# Exercise
Your task is to copy each line of the material that holds the word "kstepb".

*** Opening Supplied records ***

Lemma recolor2_kempe i j f g :
  coloring f -> coloring g -> recolor2 i j f g -> kempe_equiv e f g.
Proof.
move=> + col_g; have [N] := ubnP #|[pred u | f u != g u]|.
elim: N f => // N IH f; rewrite ltnS => leN col_f r.
case: (pickP [pred u | f u != g u]) => [v /= fgv | same]; last first.
  have -> : f = g by apply/ffunP => u; apply/eqP/negbFE/same.
  exact: rt_refl.
have hE := kswitch_toward col_f col_g r fgv.
apply: (rt_trans _ _ _ (kswitch e f i j v)); first by apply: rt_step; exists i, j, v.
apply: IH; last 2 first.
- exact: kswitch_coloring.
- by apply: recolor2_trans r; apply/recolor2_sym/kswitch_recolor2.
apply: (leq_trans _ leN); apply: proper_card; apply/properP; split.
  by apply/subsetP => u; rewrite !inE hE; case: ifP; rewrite ?eqxx.
by exists v; rewrite !inE ?fgv // hE connect0 eqxx.
Qed.

(* A boolean Kempe step, so that Kempe classes can be enumerated. *)
Definition kstepb f g := [exists i, exists j, exists v, g == kswitch e f i j v].

Lemma kempe_equivP f g : kempe_equiv e f g <-> connect kstepb f g.
Proof.
split.
- elim=> [{}f {}g [i [j [v ->]]] | {}f | f1 f2 f3 _ IH1 _ IH2].
  + by apply/connect1/existsP; exists i; apply/existsP; exists j; apply/existsP; exists v.
  + exact: connect0.
  + exact: connect_trans IH1 IH2.
- case/connectP => p + ->; elim: p f => [|h p IH] f /=; first by move=> _; apply: rt_refl.
  case/andP => /existsP[i /existsP[j /existsP[v /eqP hE]]] /IH.
  by apply: rt_trans; apply: rt_step; exists i, j, v.
Qed.

Lemma kempe_equiv_coloring f g : kempe_equiv e f g -> coloring f -> coloring g.
Proof.
elim=> [{}f {}g [i [j [v ->]]] | // | f1 f2 f3 _ IH1 _ IH2 /IH1/IH2 //].
exact: kswitch_coloring.
Qed.

End KempeSwitch.

Import GRing.Theory.
Local Open Scope ring_scope.

Section IdealGen.
Variables (n : nat) (K : fieldType) (A : {mpoly K[n]} -> Prop).
Local Notation I := (ideal_gen A).

Lemma ideal_gen0 : I 0.
Proof. by exists [::]; rewrite big_nil. Qed.

Lemma ideal_genD p q : I p -> I q -> I (p + q).
Proof.
move=> [s [As ->]] [t [At ->]]; exists (s ++ t); split; last by rewrite big_cat.
by move=> x; rewrite mem_cat => /orP[/As|/At].
Qed.

Lemma ideal_genMl q p : I p -> I (q * p).
Proof.
move=> [s [As ->]]; exists [seq (x.1, q * x.2) | x <- s]; split.
  by move=> x /mapP[y ys ->] /=; apply: As.
by rewrite big_map mulr_sumr; apply: eq_bigr => x _; rewrite mulrCA.
Qed.

Lemma ideal_genN p : I p -> I (- p).
Proof. by rewrite -mulN1r; apply: ideal_genMl. Qed.
(* The (2m+1)^2 grid points of mesh 1/m < eps / (1 + T) span, and
   2m + 1 <= (4 / eps + 3) T. *)
Lemma r_rec_Qsq_quadratic (eps T tau : R) : 0 < eps -> 1 <= T -> 2 <= tau ->
  exists2 N : R, r_rec T eps tau (@Qsq R) = N%:E & 1 <= N <= ((4 / eps + 3) * T) ^+ 2.
Proof.
move=> e0 T1 tau2; have [G GQ] := returns_within_2_choice.
set m := (Num.truncn ((1 + T) / eps)).+1.
have m0 : (0 < m)%N by [].
have [m_le mM] : m%:R <= (1 + T) / eps + 1 /\ (1 + T) / eps < m%:R.
  have p0 : 0 <= (1 + T) / eps by rewrite divr_ge0 //; lra.
  have /andP[] := Num.Theory.truncn_itv p0.
  by rewrite /m -natr1; split; lra.
have m_gt0 : 0 < m%:R :> R by rewrite ltr0n.
set K := (2 * m).+1.
pose F i : R -> R := G (grid_point m (i %/ K), grid_point m (i %% K)).
have QF i : (i < K * K)%N -> @Qsq R (grid_point m (i %/ K), grid_point m (i %% K)).
  by move=> iK; split; apply: grid_point_bounds; rewrite // -ltnS ?ltn_divLR ?ltn_pmod.
have cover x : Qsq x -> exists2 i, (i < K * K)%N & rec_traj T eps tau (@Qsq R) x (F i).
  case: x => x1 x2 [/= x1_bnd x2_bnd].
  have [j1 [j1m d1 d1m]] := grid_point_below m0 x1_bnd.
  have [j2 [j2m d2 d2m]] := grid_point_below m0 x2_bnd.
  have j2K : (j2 < K)%N by rewrite ltnS.
  have e1 : ((j1 * K + j2) %/ K = j1)%N by rewrite divnMDl // divn_small ?addn0.
  have e2 : ((j1 * K + j2) %% K = j2)%N by rewrite modnMDl modn_small.
  have jK : (j1 * K + j2 < K * K)%N by rewrite -ltn_divLR // e1 ltnS.
  exists (j1 * K + j2)%N => //; have [aG retG] := GQ _ (QF _ jK).
  move: aG retG; rewrite /F e1 e2 => aG retG.
  have mesh : (x1 - grid_point m j1) + (x2 - grid_point m j2) * T < eps.
    rewrite -(ltr_pM2r m_gt0); move: mM; rewrite ltr_pdivrMr // => mM; nra.
  by apply: rec_traj_translate aG tau2 retG _ _ _ _ => //=; nra.
have [N rN /andP[N1 NK]] := min_spanning_fin (@Qsq_origin R) (fun i iK => (GQ _ (QF i iK)).1) cover.
exists N => //; rewrite N1 /=; apply: le_trans NK _.
have K_le : K%:R <= (4 / eps + 3) * T :> R.
  have : (1 + T) / eps <= 2 / eps * T by rewrite mulrAC ler_pM2r ?invr_gt0 //; lra.
  rewrite /K -[(2 * m).+1]addn1 natrD natrM.
  have : (4 / eps + 3) * T = 2 * (2 / eps * T) + 3 * T by ring.
  lra.
by rewrite natrM expr2; apply: ler_pM.
Qed.

End grid_cover.

Section entropies.
Context {R : realType}.

Lemma h_inv_Qsq : h_inv (@Qsq R) = +oo%E.
Proof.
apply: (@entropy_of_pinfty _ _ (1 / 2) 1) => [|eps T eps_bnd T1]; first lra.
exact: r_inv_Qsq_small_eps.
Qed.

Lemma h_rec_Qsq_lt2 (tau : R) : 0 < tau < 2 -> h_rec tau (@Qsq R) = +oo%E.
Proof.
move=> /andP[tau0 tau2]; have e0 : 0 < (1 - tau ^+ 2 / 4) / 2 by nra.
apply: (entropy_of_pinfty (T0 := 2) e0) => eps T /andP[eps0 eps_lt] T2.
by apply: r_rec_Qsq_small_eps => //; apply/andP.
Qed.

Lemma h_rec_Qsq_ge2 (tau : R) : 2 <= tau -> h_rec tau (@Qsq R) = 0%E.
Proof.
move=> tau2; apply: (@entropy_of_eventually_cst _ _ 1) => // eps /andP[eps0 _].
apply: limf_esup_pinfty_eq0 => [T T1|e e0].
  have [N -> /andP[N1 _]] := r_rec_Qsq_quadratic eps0 T1 tau2.
  rewrite -EFinM lee_fin mulr_ge0 ?invr_ge0 ?divr_ge0 ?ln_ge0 //; lra.
have C0 : 0 < 4 / eps + 3 by rewrite addr_gt0 ?divr_gt0.
have [T0 [T01 rate_le]] := log2_quadratic_rate_le C0 e0.
exists T0 => T T0T; have T1 : 1 <= T by lra.
have [N -> /andP[N1 NC]] := r_rec_Qsq_quadratic eps0 T1 tau2.
by rewrite -EFinM lee_fin; exact: rate_le.
Qed.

*** Closing Supplied records ***

# Written response
Definition kstepb f g := [exists i, exists j, exists v, g == kswitch e f i j v].
Lemma kempe_equivP f g : kempe_equiv e f g <-> connect kstepb f g.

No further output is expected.